E sem levar em consideração tudo
isso, a vida na sua integralidade não parou por um minuto sequer, ocorrendo uma
sobreposição de necessidades dentro dos serviços de saúde. Gestantes,
acidentados, infartados, acidentes vasculares cerebrais e outros serviços
continuaram chegando ao sistema de saúde.
Cientes da situação da saúde
pública no país, aqueles que contam com a rede privada passaram a se valer dela
para a resolução dos seus problemas e, também, da COVID-19. Acontece que, em razão
desse novo vírus poder desencadear manifestações clínicas severas e exigir um
protocolo específico de biossegurança para o atendimento, houve a necessidade
de restringir e delimitar setores específicos a esse fim. O que,
inevitavelmente, resultou em uma diminuição da oferta de leitos e serviços para
outras situações médicas; sobretudo, eletivas.
Nem é preciso dizer que o impacto
dessa nova conjuntura, também, recaiu sobre os corpos clínicos desses serviços.
A insuficiência quantitativa das equipes de terapia intensiva mostrou-se visível
rapidamente e levou a uma reorganização dos quadros funcionais, para tentar
equilibrar de algum modo as necessidades.
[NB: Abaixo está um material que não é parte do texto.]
Definition zero_rep : rep K r := @Rep K r (fun _ => 0%N) (fun _ => 0).

Definition brick_set (s : seq (rep K r)) : Prop :=
  forall a b, (a < size s)%N -> (b < size s)%N ->
    dimHom (nth zero_rep s a)
           (nth zero_rep s b) = (a == b : nat).
End Reps.

From mathcomp Require Import all_boot all_order all_algebra.
From HB Require Import structures.
From mathcomp Require Import zify.
Set Implicit Arguments. Unset Strict Implicit. Unset Printing Implicit Defensive.

(* A simple nilpotent representation S(a) is one-dimensional at a single
   vertex a with zero arrows, and Ext^1(S(a), S(b)) is nonzero exactly when
   b = a + 1.  So the hypothesis says a <> b and b <> a + 1, and we take for M the
   uniserial representation supported on the vertices a + 1, ..., b - 1 (a
   nonempty, proper arc of the cycle) with identity arrows.  Its endomorphisms
   are the scalars; it has no support at a or b, so all Homs between distinct
   members of {S(a), S(b), M} vanish; and Ext^1(S(a), M), Ext^1(M, S(b)) are
   the one-dimensional spaces of arrows a -> a + 1 and b - 1 -> b.  Hom and
   Ext^1 are the kernel and cokernel of dmap, so whenever its domain or
   codomain is zero they reduce to dimension counts. *)

Section CyclicDistance.
Variable r : nat.
Implicit Types (s i j : 'I_r).

Lemma val_iter_ordS i k : val (iter k (@ordS r) i) = (i + k) %% r.
Proof.
elim: k => [|k IHk] /=; first by rewrite addn0 modn_small.
by rewrite IHk -addn1 modnDml -addnA addn1.
Qed.

Definition cyc_dist s i : nat := (i + (r - s)) %% r.

Lemma cyc_dist_lt s i : cyc_dist s i < r.
Proof. by rewrite ltn_pmod // (leq_ltn_trans _ (ltn_ord s)). Qed.

Lemma iter_cyc_dist s i : iter (cyc_dist s i) (@ordS r) s = i.
Proof.
apply: val_inj; rewrite val_iter_ordS /cyc_dist modnDmr.
have -> : s + (i + (r - s)) = i + r by have := ltn_ord s; lia.
by rewrite modnDr modn_small.
Qed.

Lemma cyc_dist_iter s k : cyc_dist s (iter k (@ordS r) s) = k %% r.
Proof.
rewrite /cyc_dist val_iter_ordS modnDml.
have -> : s + k + (r - s) = k + r by have := ltn_ord s; lia.
by rewrite modnDr.
Qed.

Lemma cyc_dist_inj s : injective (cyc_dist s).
Proof. by move=> i j eq_ij; rewrite -(iter_cyc_dist s i) eq_ij iter_cyc_dist. Qed.

Lemma cyc_dist_id s : cyc_dist s s = 0.
Proof. by have := cyc_dist_iter s 0; rewrite mod0n. Qed.

Lemma cyc_dist_eq0 s i : (cyc_dist s i == 0) = (i == s).
Proof. by rewrite -(cyc_dist_id s) (inj_eq (@cyc_dist_inj s)). Qed.

Lemma cyc_dist_ordS s i : cyc_dist s (ordS i) = (cyc_dist s i).+1 %% r.
Proof. by rewrite -{1}(iter_cyc_dist s i) -iterS cyc_dist_iter. Qed.

Lemma cyc_dist_ord_pred s i :
  0 < cyc_dist s i -> cyc_dist s (ord_pred i) = (cyc_dist s i).-1.
Proof.
rewrite -{1 3}(ord_predK i) cyc_dist_ordS.
have := cyc_dist_lt s (ord_pred i).
by case: (ltngtP (cyc_dist s (ord_pred i)).+1 r) => [Sd_lt_r _ | // | ->];
  rewrite ?modnn ?modn_small.
Qed.

Lemma cyc_dist_ordS_l i : cyc_dist (ordS i) i = r.-1.
Proof.
have r_gt0 : 0 < r by rewrite (leq_ltn_trans _ (ltn_ord i)).
have iter_r : iter r.-1 (@ordS r) (ordS i) = i.
  by apply: val_inj; rewrite -iterSr prednK // val_iter_ordS modnDr modn_small.
by rewrite -{2}iter_r cyc_dist_iter modn_small // prednK.
Qed.

Lemma ordS_neq i : 1 < r -> ordS i != i.
Proof.
move=> r_gt1; rewrite -(inj_eq (@cyc_dist_inj i)) cyc_dist_ordS cyc_dist_id.
by rewrite modn_small.
Qed.

End CyclicDistance.

Lemma sum_nat_eq1l (I : finType) (a : I) (F : I -> nat) :
  \sum_i ((i == a) * F i) = F a.
Proof. by rewrite (bigD1 a) //= eqxx mul1n big1 ?addn0 // => i /negbTE ->. Qed.

Lemma sum_nat_eq1r (I : finType) (a : I) (F : I -> nat) :
  \sum_i (F i * (i == a)) = F a.
Proof. by under eq_bigr do rewrite mulnC; exact: sum_nat_eq1l. Qed.

Import GRing.Theory.
Local Open Scope ring_scope.

Lemma mx_dim0 (K : fieldType) m n (A : 'M[K]_(m, n)) : (m = 0)%N \/ (n = 0)%N -> A = 0.
Proof. by case=> dim0; subst; [exact: flatmx0 | exact: thinmx0]. Qed.

Lemma scalar_mx_trace_le1 (K : fieldType) d (A : 'M[K]_d) : (d <= 1)%N -> A = (\tr A)%:M.
Proof.
case: d A => [|[|d]] A // _; first by rewrite !flatmx0.
by apply/matrixP => i j; rewrite !ord1 !mxE /mxtrace big_ord1 eqxx mulr1n.
Qed.

Section HomExt.
Variables (K : fieldType) (r : nat).
Implicit Types (M N : rep K r).

Lemma famcomp_mxrow M N (B : forall i, 'M[K]_(rdim M i, rdim N i)) i :
  famcomp (@mxrow K r (fun j => rdim M j * rdim N j)%N 1 (fun j => mxvec (B j))) i = B i.
Proof. by rewrite /famcomp mxrowK mxvecK. Qed.

Lemma famcompP M N a (x y : 'rV[K]_(famdim M N)) i :
  famcomp (a *: x + y) i = a *: famcomp x i + famcomp y i.
Proof. by rewrite /famcomp /submxrow !linearP. Qed.

Lemma famcompZ M N a (x : 'rV[K]_(famdim M N)) i :
  famcomp (a *: x) i = a *: famcomp x i.
Proof. by have := famcompP a x 0 i; rewrite !addr0 /famcomp submxrow0 linear0 addr0. Qed.

Lemma famcomp_inj M N (x y : 'rV[K]_(famdim M N)) :
  (forall i, famcomp x i = famcomp y i) -> x = y.
Proof. by move=> eq_xy; apply/mxrowP => i; apply: (can_inj vec_mxK); exact: eq_xy. Qed.

Lemma dmap_is_linear M N : linear (@dmap K r M N).
Proof.
move=> a x y; apply/mxrowP => i.
rewrite {2}/submxrow linearP /= -!/(submxrow _ _) !mxrowK !famcompP.
apply/(can_inj vec_mxK); rewrite !linearP /= !mxvecK.
by rewrite mulmxDl -scalemxAl scalerBr opprD addrACA.
Qed.

HB.instance Definition _ M N :=
  GRing.isLinear.Build K _ _ _ (@dmap K r M N) (@dmap_is_linear M N).

Lemma dmap_eq0 M N (x : 'rV[K]_(famdim M N)) :
  dmap x = 0 <-> forall i, rmap M i *m famcomp x (ordS i) = famcomp x i *m rmap N i.
Proof.
split=> [/mxrowP dx0 i | hom_x].
  by move: (dx0 i); rewrite mxrowK submxrow0 => /eqP; rewrite mxvec_eq0 subr_eq0 => /eqP.
by apply/mxrowP => i; rewrite mxrowK submxrow0 hom_x subrr linear0.
Qed.

Lemma dimHomE M N : dimHom M N = (famdim M N - \rank (lin1_mx (@dmap K r M N)))%N.
Proof. by rewrite /dimHom mxrank_ker. Qed.

Lemma dimHom_eq0 M N : famdim M N = 0%N -> dimHom M N = 0%N.
Proof. by move=> famdim0; rewrite dimHomE {1}famdim0. Qed.

Lemma dimHom_eq_famdim M N : famdim1 M N = 0%N -> dimHom M N = famdim M N.
Proof.
by move=> famdim1_0; rewrite dimHomE; have := rank_leq_col (lin1_mx (@dmap K r M N)); lia.
Qed.

Lemma dimExt1_eq_famdim1 M N : famdim M N = 0%N -> dimExt1 M N = famdim1 M N.
Proof.
by move=> famdim0; rewrite /dimExt1; have := rank_leq_row (lin1_mx (@dmap K r M N)); lia.
Qed.

Lemma dimHom_eq1 M N (v : 'rV[K]_(famdim M N)) :
  v != 0 -> dmap v = 0 -> (forall x, dmap x = 0 -> (x <= v)%MS) -> dimHom M N = 1%N.
Proof.
move=> v_neq0 dv0 ker_v; have rank_v : \rank v = 1%N by rewrite rank_rV v_neq0.
rewrite /dimHom -rank_v; apply/eqmx_rank/andP; split.
  by apply/row_subP => i; apply: ker_v; rewrite -mul_rV_lin1; apply/sub_kermxP/row_sub.
by apply/sub_kermxP; rewrite mul_rV_lin1.
Qed.

Section PointDims.
Variables (M N : rep K r) (a b : 'I_r).
Hypotheses (dimM : forall i, rdim M i = (i == a) :> nat)
           (dimN : forall i, rdim N i = (i == b) :> nat).

Lemma famdim_pointl : famdim M N = rdim N a.
Proof. by rewrite /famdim; under eq_bigr do rewrite dimM; exact: sum_nat_eq1l. Qed.

Lemma famdim1_pointl : famdim1 M N = rdim N (ordS a).
Proof. by rewrite /famdim1; under eq_bigr do rewrite dimM; exact: sum_nat_eq1l. Qed.

Lemma famdim_pointr : famdim M N = rdim M b.
Proof. by rewrite /famdim; under eq_bigr do rewrite dimN; exact: sum_nat_eq1r. Qed.

Lemma famdim1_pointr : famdim1 M N = rdim M (ord_pred b).
Proof.
rewrite /famdim1; under eq_bigr do rewrite dimN (can2_eq (@ordSK r) (@ord_predK r)).
exact: sum_nat_eq1r.
Qed.

End PointDims.

Lemma simple_nilpotent_rmap0 M : nilpotent_rep M -> simple_rep M -> forall i, rmap M i = 0.
Proof.
move=> [n path0] [[a dima_gt0] simpleM].
have ker_subrep : is_subrep (fun i => kermx (rmap M i)).
  by move=> i; rewrite mulmx_ker sub0mx.
case: (simpleM _ ker_subrep) => [ker0 | ker_full] i; last first.
  by rewrite -[rmap M i]mul1mx; apply/sub_kermxP/submx_full.
have free_rmap j : row_free (rmap M j).
  have := rank_leq_row (rmap M j); have := ker0 j.
  by rewrite -mxrank_eq0 mxrank_ker /row_free; lia.
have rank_path k : \rank (pathmx M a k) = rdim M a.
  by elim: k => [|k IHk] /=; rewrite ?mxrank1 // mxrankMfree.
by move: (rank_path n); rewrite path0 mxrank0; lia.
Qed.

Lemma simple_rmap0_point M :
  simple_rep M -> (forall i, rmap M i = 0) -> exists a, forall i, rdim M i = (i == a) :> nat.
Proof.
move=> [[a dima_gt0] simpleM] rmap0; exists a.
pose U i := ((i == a)%:R : K) *: (pid_mx 1 : 'M[K]_(rdim M i)).
have U_subrep : is_subrep U by move=> i; rewrite rmap0 mulmx0 sub0mx.
have rank_Ua : \rank (U a) = 1%N by rewrite /U eqxx scale1r rank_pid_mx.
case: (simpleM _ U_subrep) => [U0 | U_full] i.
  by move: (U0 a); rewrite -mxrank_eq0 rank_Ua.
move: (U_full i); rewrite /row_full.
case: (eqVneq i a) => [->|neq_ia]; first by rewrite rank_Ua => /eqP.
by rewrite /U (negbTE neq_ia) scale0r mxrank0 => /eqP.
Qed.

Lemma simple_nilpotent_point M : nilpotent_rep M -> simple_rep M ->
  exists2 a, forall i, rdim M i = (i == a) :> nat & forall i, rmap M i = 0.
Proof.
move=> nilM simpleM; have rmap0 := simple_nilpotent_rmap0 nilM simpleM.
by have [a dimM] := simple_rmap0_point simpleM rmap0; exists a.
Qed.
Afinal de contas, a situação pandêmica
tem se mostrado profundamente extenuante e comprometido a qualidade de vida e
saúde dos profissionais; sendo que, muitos deles, precisaram ser afastados ou
faleceram em decorrência da contaminação pelo vírus.
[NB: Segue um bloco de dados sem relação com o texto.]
Lemma has_rate_cst c r : (forall i, wrate c i = r) -> has_rate c r.
Proof.
move=> h; rewrite /has_rate -cvg_shiftS /=.
suff -> : (fun m : nat => (m.+1%:R)^-1 * \sum_(1 <= i < m.+2) wrate c i) = fun=> r.
  exact: cvg_cst.
apply: funext => m; under eq_bigr do rewrite h.
by rewrite sumr_const_nat subn1 /= -[r *+ _]mulr_natl mulKf.
Qed.

(* Sending message [k] at write [i] after sending [1] at all earlier writes
   yields pairwise distinct WWL change patterns (the decoder tells them apart). *)
Lemma nmsg_le_S_card c beta p i : valid_code c -> constrained c 1 beta p ->
  (1 <= i)%N -> (nmsg n (wrate c i) <= S_card n beta p)%N.
Proof.
move=> hv /constrained1P hc i1.
set N := nmsg n (wrate c i); set u := state c (fun=> 1%N) i.-1.
have [_ hdec] := hv i i1.
have msg_ok (k : 'I_N) : is_msg c i k.+1 by rewrite /is_msg ltn_ord.
have ms1 k : (1 <= k)%N -> is_msg c k 1.
  by move=> k1; rewrite /is_msg nmsg_gt0 //; case: (hv k k1).
pose pat (k : 'I_N) := txor u (enc c i k.+1 u).
have pat_inj : injective pat.
  move=> k k' /txor_inj e; apply: val_inj; apply: succn_inj.
  by rewrite -(hdec _ u (msg_ok k)) e hdec.
rewrite S_cardE -(card_ord N) -(card_imset _ pat_inj).
apply: subset_leq_card; apply/fintype.subsetP => _ /imsetP [k _ ->].
pose ms t := if t == i then k.+1 else 1%N.
have hms t : (1 <= t)%N -> is_msg c t (ms t).
  by rewrite /ms; case: eqP => [->|_]; [move=> _; apply: msg_ok | apply: ms1].
have := hc ms hms i.-1; rewrite /= (prednK i1) {2}/ms eqxx inE.
rewrite (@eq_state c ms (fun=> 1%N)) // => t ht; rewrite /ms ifN_eq //.
by apply: contraTneq ht => ->; rewrite -ltnNge prednK.
Qed.

Lemma wrate_le c beta p i : (0 < n)%N -> valid_code c -> constrained c 1 beta p ->
  (1 <= i)%N -> wrate c i <= (log2 ((S_card n beta p)%:R : R) + 1) / n%:R.
Proof.
move=> n0 hv hc i1; have hN := nmsg_le_S_card hv hc i1.
set s := S_card n beta p in hN *; set r := wrate c i in hN *.
have s0 : (0 < s)%N := S_card_gt0 beta p n.
have h1 : 2 `^ (n%:R * r) < (2 * s)%:R :> R.
  apply: lt_le_trans (truncnS_gt _) _; rewrite ler_nat.
  by rewrite mul2n -addnn -add1n leq_add.
have h2 : n%:R * r * ln 2 < ln 2 + ln s%:R.
  rewrite -ln_powR -lnM ?posrE ?ltr0n // -natrM.
  by rewrite ltr_ln ?posrE ?powR_gt0 ?ltr0n ?muln_gt0.
have n0' : (0 : R) < n%:R by rewrite ltr0n.
have l2 := ln2_gt0 R.
rewrite ler_pdivlMr // -(ler_pM2r l2) mulrDl mul1r divfK ?gt_eqF // (mulrC r).
lra.
Qed.

Lemma rate_le c beta p r : (0 < n)%N -> valid_code c -> constrained c 1 beta p ->
  has_rate c r -> r <= (log2 ((S_card n beta p)%:R : R) + 1) / n%:R.
Proof.
move=> n0 hv hc hr; set B := _ / _.
apply: (ler_cvg_to hr (cvg_cst B)); apply: nearW => -[|m].
  by rewrite invr0 mul0r divr_ge0 ?addr_ge0 ?log2_nat_ge0 ?S_card_gt0.
rewrite ler_pdivrMl ?ltr0n //.
apply: le_trans (_ : _ <= \sum_(1 <= i < m.+2) B) _.
  by apply: ler_sum_nat => i /andP [i1 _]; apply: wrate_le.
by rewrite sumr_const_nat subn1 mulr_natl.
Qed.

Definition coset (C : {set n.-tuple bool}) v := [set txor c v | c in C].

Definition cosets C := [set coset C v | v : n.-tuple bool].

Section Cosets.
Variable C : {set n.-tuple bool}.
Hypothesis hC : xor_closed C.

Lemma coset_txor a v : a \in C -> coset C (txor a v) = coset C v.
Proof.
case: hC => _ CC ha; apply/setP => x.
apply/imsetP/imsetP => [[b hb ->]|[b hb ->]]; exists (txor b a); try exact: CC.
  by rewrite txorA.
by rewrite -txorA txorK.
Qed.

Lemma mem_coset v : v \in coset C v.
Proof. by apply/imsetP; exists (zero_tuple n); [case: hC | rewrite txorC txor0]. Qed.

Lemma expn_le_card_cosets : (2 ^ n <= #|cosets C| * #|C|)%N.
Proof.
pose rep (D : {set n.-tuple bool}) := odflt (zero_tuple n) [pick x in D].
have : [set: n.-tuple bool] \subset
         [set txor cx.2 (rep cx.1) | cx in finset.setX (cosets C) C].
  apply/fintype.subsetP => v _.
  have : rep (coset C v) \in coset C v.
    by rewrite /rep; case: pickP => [x //|/(_ v)]; rewrite mem_coset.
  case/imsetP => c0 hc0 hr; apply/imsetP; exists (coset C v, c0).
    by rewrite finset.in_setX hc0 andbT; apply/imsetP; exists v.
  by rewrite /= hr txorK.
move/subset_leq_card; rewrite cardsT card_tuple card_bool => /leq_trans; apply.
by rewrite (leq_trans (leq_imset_card _ _)) // cardsX.
Qed.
Por tudo isso é que não há como
não se indignar com a postura anticidadã daqueles que fazem apologia contrária
as medidas preventivas à COVID-19. Sumariamente a pandemia baniu regalias e privilégios
e nivelou a sociedade a um patamar de incertezas coletivo. Quem morre, quem
vive, quem terá sequelas, são indagações de uma imprecisão absurda, porque o vírus
está por aí se transformando e aprimorando suas estratégias de virulência,
graças a total inconsequência e irresponsabilidade de muitos seres humanos. E diante
do que se vê diariamente, não há como esperar que a situação melhore. As perspectivas
dão conta do pior.
Em qualquer conjuntura extrema, a
carência e a insuficiência ditam os rumos. Quanto mais a sociedade faz queda de
braços com a realidade, mais graves se tornam as consequências. As pessoas não
só, não estão conseguindo resolver as demandas emergenciais do agora; como,
também, não se deram ao trabalho de começar a pensar sobre o Pós-Pandemia. E a sobrevivência
pós-COVID-19 nem sempre é isenta de sequelas.
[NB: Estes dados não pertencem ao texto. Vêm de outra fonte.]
(* Let $(R,\mathfrak{m})$ be a Noetherian local ring, let $\varphi$ be a self-map of finite length of $R$, and let $\mathfrak{a}_1,\ldots,\mathfrak{a}_s$ be (not necessarily distinct) ideals of $R$ with $\varphi(\mathfrak{a}_i)R\subseteq\mathfrak{a}_i$ for all $i$. Let $\overline\varphi$ be the self-map induced by $\varphi$ on $R/\prod_i\mathfrak{a}_i$ and $\overline\varphi_i$ the self-map induced on $R/\mathfrak{a}_i$. Then $$h_{\mathrm{alg}}\Big(\overline\varphi,R/\textstyle\prod_i\mathfrak{a}_i\Big)=\max\{h_{\mathrm{alg}}(\overline\varphi_i,R/\mathfrak{a}_i)\mid 1\le i\le s\}.$$
   Context: A self-map of finite length of a Noetherian local ring $(A,\mathfrak{n})$ is a ring endomorphism $\psi$ with $\psi(\mathfrak{n})\subseteq\mathfrak{n}$ and $\psi(\mathfrak{n})A$ $\mathfrak{n}$-primary. If $\mathfrak{a}$ is an ideal with $\varphi(\mathfrak{a})R\subseteq\mathfrak{a}$, then $\varphi$ induces a self-map of finite length of $R/\mathfrak{a}$. Put $\lambda(\psi^n):=\ell_A(A/\psi^n(\mathfrak{n})A)$; the algebraic entropy is $h_{\mathrm{alg}}(\psi,A):=\lim_{n\to\infty}\frac1n\log\lambda(\psi^n)$ (the limit exists). *)

From Stdlib Require Import Reals ClassicalEpsilon.
From HB Require Import structures.
From mathcomp Require Import all_boot all_order all_algebra.

Set Implicit Arguments.
Unset Strict Implicit.
Unset Printing Implicit Defensive.

Import GRing.Theory.

Section Ideals.
Variable A : comNzRingType.

Definition is_ideal (I : A -> Prop) : Prop :=
  I 0%R /\ (forall x y, I x -> I y -> I (x + y)%R) /\
  (forall r x, I x -> I (r * x)%R).

Definition subset_pr (I J : A -> Prop) : Prop := forall x, I x -> J x.

Definition eq_pr (I J : A -> Prop) : Prop := forall x, I x <-> J x.

Definition ssubset_pr (I J : A -> Prop) : Prop :=
  subset_pr I J /\ exists x, J x /\ ~ I x.

Definition ideal_gen (S : A -> Prop) : A -> Prop :=
  fun x => forall I, is_ideal I -> subset_pr S I -> I x.

Definition noetherian : Prop :=
  forall c : nat -> (A -> Prop), (forall k, is_ideal (c k)) ->
    (forall k, subset_pr (c k) (c k.+1)) ->
    exists N, forall k, (N <= k)%N -> subset_pr (c k) (c N).

Definition local_ring (m : A -> Prop) : Prop :=
  is_ideal m /\ ~ m 1%R /\ (forall x, ~ m x -> exists y, (x * y)%R = 1%R).

Definition primary_to (m I : A -> Prop) : Prop :=
  subset_pr I m /\ forall x, m x -> exists k, I (x ^+ k)%R.

Definition image_pr (B : Type) (f : A -> B) (S : A -> Prop) : B -> Prop :=
  fun y => exists x, S x /\ y = f x.

(* A strictly increasing chain of ideals I = c 0 ⊊ c 1 ⊊ ... ⊊ c n = A;
   chains of A-submodules of A/I correspond to such chains. *)
Definition ideal_chain (I : A -> Prop) (n : nat) : Prop :=
  exists c : nat -> (A -> Prop),
    (forall k, is_ideal (c k)) /\ eq_pr (c 0%N) I /\ eq_pr (c n) (fun _ => True) /\
    (forall k, (k < n)%N -> ssubset_pr (c k) (c k.+1)).

(* ell_A(A/I) = n : the supremum of lengths of chains of submodules of A/I is n *)
Definition colength_is (I : A -> Prop) (n : nat) : Prop :=
  ideal_chain I n /\ forall k, ideal_chain I k -> (k <= n)%N.

(* ell_A(A/I) (meaningful when finite) *)
Definition colength (I : A -> Prop) : nat :=
  epsilon (inhabits 0%N) (fun n => colength_is I n).

Definition finite_length_selfmap (m : A -> Prop) (psi : {rmorphism A -> A}) : Prop :=
  subset_pr (image_pr psi m) m /\ primary_to m (ideal_gen (image_pr psi m)).

Definition lambda_it (m : A -> Prop) (psi : {rmorphism A -> A}) (k : nat) : nat :=
  colength (ideal_gen (image_pr (iter k psi) m)).

Definition alg_entropy (m : A -> Prop) (psi : {rmorphism A -> A}) : R :=
  epsilon (inhabits R0)
    (fun l => Un_cv (fun k => Rdiv (ln (INR (lambda_it m psi k))) (INR k)) l).

Definition prod_ideal (s : nat) (a : 'I_s -> A -> Prop) : A -> Prop :=
  ideal_gen (fun y => exists x : 'I_s -> A, (forall i, a i (x i)) /\
                                             y = (\prod_(i < s) x i)%R).

End Ideals.

Definition quotient_map (A B : comNzRingType) (pi : {rmorphism A -> B})
  (I : A -> Prop) : Prop :=
  (forall y, exists x, pi x = y) /\ (forall x, pi x = 0%R <-> I x).

From Stdlib Require Import Reals ClassicalEpsilon.
From Stdlib Require Import Lra Lia List Classical.

(* For an ideal b of A write lambda_b(n) for the colength of phi^n(m)A + b in A;
   if psi is the self-map induced on Q = A/b, then lambda_Q(psi^n) = lambda_b(n).
   The proof has three parts.

   By Fekete's lemma, log lambda_b(n) / n converges because
      lambda_b is submultiplicative and >= 1; and if u <= C v_i for some i at each
      n while v_i <= u, the growth rate of u is the largest growth rate of the v_i.

   The key
      estimate l(A/(f(I)A + b)) <= l(A/I) l(A/(f(m)A + b)) follows by refining A/I
      into simple steps; with f = phi^n it gives the submultiplicativity of lambda_b.

   Since P = a_1...a_s <= a_i, lambda_(a_i) <= lambda_P; conversely,
      filtering A/P by the partial products, whose numbers of generators are
      bounded by some H, gives lambda_P(n) <= s H max_i lambda_(a_i)(n). *)

Section RealAnalysis.
Local Open Scope R_scope.

Lemma Rdiv_le_0_compat (a b : R) : 0 <= a -> 0 < b -> 0 <= a / b.
Proof.
  intros Ha Hb; unfold Rdiv; apply Rmult_le_pos; [exact Ha|].
  left; apply Rinv_0_lt_compat; exact Hb.
Qed.

Lemma ln_le (x y : R) : 0 < x -> x <= y -> ln x <= ln y.
Proof. intros Hx [Hlt|Heq]; [left; apply ln_increasing; auto | subst; lra]. Qed.

Lemma const_div_eventually_small (c eps : R) : 0 < eps ->
  exists N, forall n, (N <= n)%nat -> c / INR n < eps.
Proof.
  intros Heps.
  pose proof (Rabs_pos c) as Hc0; pose proof (Rle_abs c) as Hc.
  destruct (archimed_cor1 (eps / (Rabs c + 1))) as [N [HN HN0]].
  { apply Rdiv_lt_0_compat; lra. }
  exists N; intros n Hn.
  assert (HNpos : 0 < INR N) by (apply lt_0_INR; lia).
  assert (HNn : INR N <= INR n) by (apply le_INR; lia).
  assert (Hbound : c / INR n <= (Rabs c + 1) * / INR N).
  { unfold Rdiv; apply Rle_trans with ((Rabs c + 1) * / INR n).
    - apply Rmult_le_compat_r; [left; apply Rinv_0_lt_compat|]; lra.
    - apply Rmult_le_compat_l; [lra | apply Rinv_le_contravar; lra]. }
  assert (Hsmall : (Rabs c + 1) * / INR N < (Rabs c + 1) * (eps / (Rabs c + 1))).
  { apply Rmult_lt_compat_l; lra. }
  replace ((Rabs c + 1) * (eps / (Rabs c + 1))) with eps in Hsmall by (field; lra).
  lra.
Qed.

Lemma subadditive_iterate (u : nat -> R) :
  (forall n k, u (n + k)%nat <= u n + u k) ->
  forall m q r, u (q * m + r)%nat <= INR q * u m + u r.
Proof.
  intros Hsub m q r; induction q as [|q IH]; [simpl; lra|].
  replace (S q * m + r)%nat with (m + (q * m + r))%nat by lia.
  rewrite S_INR; specialize (Hsub m (q * m + r)%nat); lra.
Qed.

Lemma prefix_bounded (u : nat -> R) (m : nat) :
  exists K, 0 <= K /\ forall r, (r < m)%nat -> u r <= K.
Proof.
  induction m as [|m [K [HK0 HK]]].
  - exists 0; split; [lra | intros; lia].
  - exists (Rmax K (u m)); split.
    + apply Rle_trans with K; [exact HK0 | apply Rmax_l].
    + intros r Hr; destruct (Nat.eq_dec r m) as [->|Hne]; [apply Rmax_r|].
      apply Rle_trans with K; [apply HK; lia | apply Rmax_l].
Qed.

(* The key estimate of Fekete's lemma: writing n = q m + r with r < m,
   u(n)/n <= u(m)/m + K/n where K bounds u on [0, m). *)
Lemma subadditive_ratio_bound (u : nat -> R) (m n : nat) (K : R) :
  (forall n k, u (n + k)%nat <= u n + u k) -> 0 <= u m ->
  (1 <= m)%nat -> (1 <= n)%nat -> (forall r, (r < m)%nat -> u r <= K) ->
  u n / INR n <= u m / INR m + K / INR n.
Proof.
  intros Hsub Hum0 Hm Hn HK.
  assert (Hnpos : 0 < INR n) by (apply lt_0_INR; lia).
  assert (Hmpos : 0 < INR m) by (apply lt_0_INR; lia).
  pose proof (Nat.div_mod_eq n m) as Hdm.
  pose proof (Nat.mod_upper_bound n m ltac:(lia)) as Hr.
  set (q := (n / m)%nat) in *; set (r := (n mod m)%nat) in *.
  assert (Hun : u n <= INR q * u m + K).
  { rewrite Hdm; replace (m * q + r)%nat with (q * m + r)%nat by lia.
    pose proof (subadditive_iterate u Hsub m q r); pose proof (HK r Hr); lra. }
  assert (Hqm : INR q * INR m <= INR n).
  { rewrite <- mult_INR; apply le_INR; lia. }
  assert (Hratio : 0 <= u m / INR m) by (apply Rdiv_le_0_compat; auto).
  assert (Hqu : INR q * u m <= INR n * (u m / INR m)).
  { replace (INR q * u m) with (INR q * INR m * (u m / INR m)) by (field; lra).
    apply Rmult_le_compat_r; auto. }
  apply Rmult_le_reg_r with (INR n); [exact Hnpos|].
  replace (u n / INR n * INR n) with (u n) by (field; lra).
  replace ((u m / INR m + K / INR n) * INR n) with (INR n * (u m / INR m) + K)
    by (field; lra).
  lra.
Qed.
Por isso, “acredito que cada direito implica uma responsabilidade; cada
oportunidade uma obrigação; cada posse um dever” (John Rockefeller). E exemplos
quanto à “o que fazer”, “como fazer”,
o Brasil teve à disposição. Um simples gesto de observar e conversar com outros
países no intuito de aprender sobre as experiências bem-sucedidas poderia ter
mitigado, consideravelmente, as consequências que se vem padecendo. Mas, não. Optou-se
pelo isolamento, pela arrogância, pelo negacionismo, pela falta de planejamento
e critérios. A escolha respondeu-nos, então, com o colapso, o caos, o fim da
linha. Porque as escolhas sempre respondem; nem adianta pensar que não.